(* Let $\mathbf{M}^2$ be a connected smooth oriented surface and $\alpha:\mathbf{M}^2\to\mathbf{R}^4$ a smooth immersion. Suppose $\nu$ is a unit normal vector field along $\alpha$ such that $II_\nu=\langle d^2\alpha,\nu\rangle=\lambda I$ for a nonzero constant $\lambda$, and that the Gaussian curvature satisfies $K(p)\neq\lambda^2$ for all $p\in\mathbf{M}^2$. Then $\alpha$ is hyperspherical (its image lies in a hypersphere of radius $1/|\lambda|$).
   Context: In a chart $(u,v)$, $E=\langle\alpha_u,\alpha_u\rangle$, $F=\langle\alpha_u,\alpha_v\rangle$, $G=\langle\alpha_v,\alpha_v\rangle$, $I=E\,du^2+2F\,du\,dv+G\,dv^2$. For a unit normal field $\nu$, $II_\nu=e_\nu du^2+2f_\nu du\,dv+g_\nu dv^2$ with $e_\nu=\langle\alpha_{uu},\nu\rangle$, $f_\nu=\langle\alpha_{uv},\nu\rangle$, $g_\nu=\langle\alpha_{vv},\nu\rangle$. For an orthonormal normal frame $\{\nu_1,\nu_2\}$ with coefficients $e_i,f_i,g_i$ of $II_{\nu_i}$, the Gaussian curvature is $K=\frac{e_1g_1-f_1^2+e_2g_2-f_2^2}{EG-F^2}$. An immersion is hyperspherical if its image is contained in a hypersphere (round $3$-sphere) of $\mathbf{R}^4$. *)

From HB Require Import structures.
From mathcomp Require Import all_boot all_order all_algebra.
From mathcomp Require Import all_classical all_reals all_analysis.
Set Implicit Arguments. Unset Strict Implicit. Unset Printing Implicit Defensive.
Import Order.TTheory GRing.Theory Num.Theory.
Import numFieldNormedType.Exports.
Local Open Scope classical_set_scope.
Local Open Scope ring_scope.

........

From the first line to the last, output the records word for word.

(* Let $\mathbf{M}^2$ be a connected smooth oriented surface and $\alpha:\mathbf{M}^2\to\mathbf{R}^4$ a smooth immersion. Suppose $\nu$ is a unit normal vector field along $\alpha$ such that $II_\nu=\langle d^2\alpha,\nu\rangle=\lambda I$ for a nonzero constant $\lambda$, and that the Gaussian curvature satisfies $K(p)\neq\lambda^2$ for all $p\in\mathbf{M}^2$. Then $\alpha$ is hyperspherical (its image lies in a hypersphere of radius $1/|\lambda|$).
   Context: In a chart $(u,v)$, $E=\langle\alpha_u,\alpha_u\rangle$, $F=\langle\alpha_u,\alpha_v\rangle$, $G=\langle\alpha_v,\alpha_v\rangle$, $I=E\,du^2+2F\,du\,dv+G\,dv^2$. For a unit normal field $\nu$, $II_\nu=e_\nu du^2+2f_\nu du\,dv+g_\nu dv^2$ with $e_\nu=\langle\alpha_{uu},\nu\rangle$, $f_\nu=\langle\alpha_{uv},\nu\rangle$, $g_\nu=\langle\alpha_{vv},\nu\rangle$. For an orthonormal normal frame $\{\nu_1,\nu_2\}$ with coefficients $e_i,f_i,g_i$ of $II_{\nu_i}$, the Gaussian curvature is $K=\frac{e_1g_1-f_1^2+e_2g_2-f_2^2}{EG-F^2}$. An immersion is hyperspherical if its image is contained in a hypersphere (round $3$-sphere) of $\mathbf{R}^4$. *)

From HB Require Import structures.
From mathcomp Require Import all_boot all_order all_algebra.
From mathcomp Require Import all_classical all_reals all_analysis.
Set Implicit Arguments. Unset Strict Implicit. Unset Printing Implicit Defensive.
Import Order.TTheory GRing.Theory Num.Theory.
Import numFieldNormedType.Exports.
Local Open Scope classical_set_scope.
Local Open Scope ring_scope.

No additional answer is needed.